Main results and discussion

• L-asparagine: Full-range spectra (65–3200 cm-1) reveal three dominant bands below 200 cm-1. These low-frequency bands correspond to lattice/collective motions and provide structural information complementary to fingerprint region modes used for chemical identification.
• Polymorph/pseudo-polymorph detection (α-D-glucose vs α-D-glucose monohydrate): Significant spectral differences occur in the low-frequency region (below 200 cm-1) that clearly distinguish anhydrous and monohydrate forms. Such differences arise from solvent inclusion and altered lattice dynamics and may be subtle or invisible in the standard fingerprint region alone.
• Phase monitoring (sulfur): Heating from the α-crystalline form into the λ-liquid/phase produces broadening and a shift of a peak near 83.6 cm-1; this change is evident in the low-frequency window while the fingerprint region remains essentially unchanged. Rapid acquisition (0.1 s) demonstrates capability for real-time monitoring of phase transitions.

The data show that low-frequency Raman measurements increase discriminatory power for solid-state structural phenomena and enable fast, sensitive detection of polymorphism, solvation states and phase changes.

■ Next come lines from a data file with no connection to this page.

Lemma inP_pf_effect n (M : 'M[C]_n) : skewsym M -> inP (pf_effect M).
Proof.
move=> skewM; have skew0 := skewsym0 C n; rewrite pf_effect_factor.
exact: inP_comp (inP_tens (inP_sPfv skew0) (inP_sPfv skewM))
  (inP_comp (inP_complmor_double n) (inP_tens (inP_sPf skew0) (inP_id C n))).
Qed.

Lemma inP_pf_state n (M : 'M[C]_n) : skewsym M -> inP (pf_state M).
Proof.
move=> skewM; have skew0 := skewsym0 C n; rewrite pf_state_factor.
exact: inP_comp (inP_tens (inP_sPfv skew0) (inP_id C n))
  (inP_comp (inP_complmor_double n) (inP_tens (inP_sPf skew0) (inP_sPf skewM))).
Qed.

Lemma dagger_sPf n (M : 'M[C]_n) : pmor_dagger (sPf M) = pf_effect (map_mx Num.conj M).
Proof.
by apply: pmorP => I J; rewrite /pmor_dagger /sPf /pf_effect psub_map_mx pfaffian_map.
Qed.

Lemma dagger_sPfv n (M : 'M[C]_n) : pmor_dagger (sPfv M) = pf_state (map_mx Num.conj M).
Proof.
by apply: pmorP => I J; rewrite /pmor_dagger /sPfv /pf_state psub_map_mx pfaffian_map.
Qed.

Lemma inP_dagger m n (f : pmor C m n) : inP f -> inP (pmor_dagger f).
Proof.
elim=> {m n f} [n|n M skewM|n M skewM|m n p g f _ IHg _ IHf|m1 n1 m2 n2 f g _ IHf _ IHg].
- by rewrite dagger_id; apply: inP_id.
- by rewrite dagger_sPf; apply/inP_pf_effect/skewsym_map.
- by rewrite dagger_sPfv; apply/inP_pf_state/skewsym_map.
- by rewrite dagger_comp; apply: inP_comp.
- by rewrite dagger_tens; apply: inP_tens.
Qed.

End PfaffianTensors.

Theorem mainTheorem11 (R : realType) :
  (forall n (M : 'M[complex R]_n), skewsym M -> inP (pf_effect M)) /\
  (forall n (M : 'M[complex R]_n), skewsym M -> inP (pf_state M)) /\
  (forall m n (f : pmor (complex R) m n), inP f -> inP (pmor_dagger f)).
Proof.
by split; [|split]; [apply: inP_pf_effect | apply: inP_pf_state | apply: inP_dagger].
Qed.
Lemma count_mem_merge_parts l m : all (admissible s) l ->
  count_mem m (merge_parts l) =
    (s < m) && (core_exp s m \in bits (count_mem (core s m) l)).
Proof.
move=> /allP l_adm; rewrite /merge_parts count_flatten sumnE !big_map.
have [s_lt_m|m_le_s] := ltnP s m; last first.
  rewrite big1_seq // => c /andP[_]; rewrite mem_undup => /l_adm /andP[s_lt_c _].
  apply/count_memPn/mapP => -[i _ m_eq]; move: m_le_s.
  by rewrite m_eq leqNgt (leq_trans s_lt_c) // leq_pmulr ?expn_gt0.
rewrite (eq_big_seq (fun c => (c == core s m) *
    (core_exp s m \in bits (count_mem c l)))) => [|c]; last first.
  rewrite mem_undup => /l_adm c_adm; rewrite count_map.
  under eq_count => i do rewrite /= (eq_core_mul_pow2 _ c_adm s_lt_m).
  case: eqP => _ /=; last by rewrite count_pred0.
  by rewrite count_uniq_mem ?bits_uniq ?mul1n.
rewrite sum_pred1_mul count_uniq_mem ?undup_uniq // mem_undup /=.
by case: (boolP (core s m \in l)) => [_|/count_memPn->]; rewrite ?mul1n ?mul0n.
Qed.

Lemma mem_merge_parts l m : all (admissible s) l ->
  (m \in merge_parts l) = (s < m) && (core_exp s m \in bits (count_mem (core s m) l)).
Proof.
by move=> l_adm; rewrite -has_pred1 has_count count_mem_merge_parts //; case: (_ && _).
Qed.

Lemma merge_parts_uniq l : all (admissible s) l -> uniq (merge_parts l).
Proof.
move=> l_adm; apply: count_mem_uniq => m.
by rewrite count_mem_merge_parts ?mem_merge_parts.
Qed.

Lemma perm_merge_parts l l' : all (admissible s) l -> perm_eq l l' ->
  perm_eq (merge_parts l) (merge_parts l').
Proof.
move=> l_adm ll'; have l'_adm : all (admissible s) l' by rewrite -(perm_all _ ll').
apply: uniq_perm; rewrite ?merge_parts_uniq // => m.
by rewrite !mem_merge_parts // (permP ll').
Qed.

Benefits and practical applications

• Pharmaceutical industry: Robust identification and differentiation of polymorphs, hydrates/solvates and pseudo-polymorphs during development, scale-up and quality control; supports regulatory and formulation needs because polymorphic form affects bioavailability and stability.
• Biomolecular research: Complementary structural information for amino acids and proteins, including intermolecular interactions and hydrogen-bonding networks.
• Materials science and industry: Monitoring crystallization and phase transitions in real time (process analytical technology), characterizing lattice vibrations in semiconductors, carbon nanotubes and photovoltaic materials, and analyzing pigments, minerals and gemstones.
• Operational advantages: Non-destructive, rapid measurements; portable instrumentation enabling in-lab and field use; broad spectral coverage reduces need for multiple instruments.

Future trends and applications

• Integration with multivariate and chemometric analysis (PAT workflows) to automate polymorph detection and in-line quality control.
• Real-time, in situ process monitoring with enhanced sampling (mapping, probe automation) for crystallization and formulation control.
• Advances in detector sensitivity and optical filtering to push cut-on frequency lower, improve resolution of closely spaced lattice modes, and reduce required integration times for weak scatterers.
• Combination with temperature-resolved Raman, imaging and machine learning to extract structural dynamics, heterogeneity and to predict material performance from spectral signatures.

Conclusion

The i-Raman Plus 785S with a BAC102 E‑grade low-frequency probe provides reliable, practical access to Raman modes down to ~65 cm-1. Low-frequency Raman extends the analytical reach beyond the fingerprint region, delivering decisive information for polymorph identification, phase-change monitoring and structural characterization of materials and biomolecules. The system supports rapid, non-destructive measurements suitable for laboratory and field applications and can be integrated into advanced workflows for process monitoring and materials analysis.

References

1. Teixeira A. M. R.; Freire P. T. C.; Moreno A. J. D.; et al. High-Pressure Raman Study of L-Alanine Crystal. Solid State Communications, 2000, 116(7), 405–409.
2. Larkin P. J.; Dabros M.; Sarsfield B.; et al. Polymorph Characterization of Active Pharmaceutical Ingredients (APIs) Using Low-Frequency Raman Spectroscopy. Applied Spectroscopy, 2014, 68(7), 758–776.
3. Golichenko B. O.; Naseka V. M.; Strelchuk V. V.; et al. Raman Study of L-Asparagine and L-Glutamine Molecules Adsorbed on Aluminum Films in a Wide Frequency Range. Semiconductors, Physics Quantum Electron. Optoelectron., 2017, 20(3), 297–304.
4. Smith E.; Dent G. Modern Raman Spectroscopy: A Practical Approach, 2nd ed.; John Wiley & Sons, 2019.
5. Pelletier M. J. Analytical Applications of Raman Spectroscopy, 1st ed.; Blackwell Science: Oxford, 1999.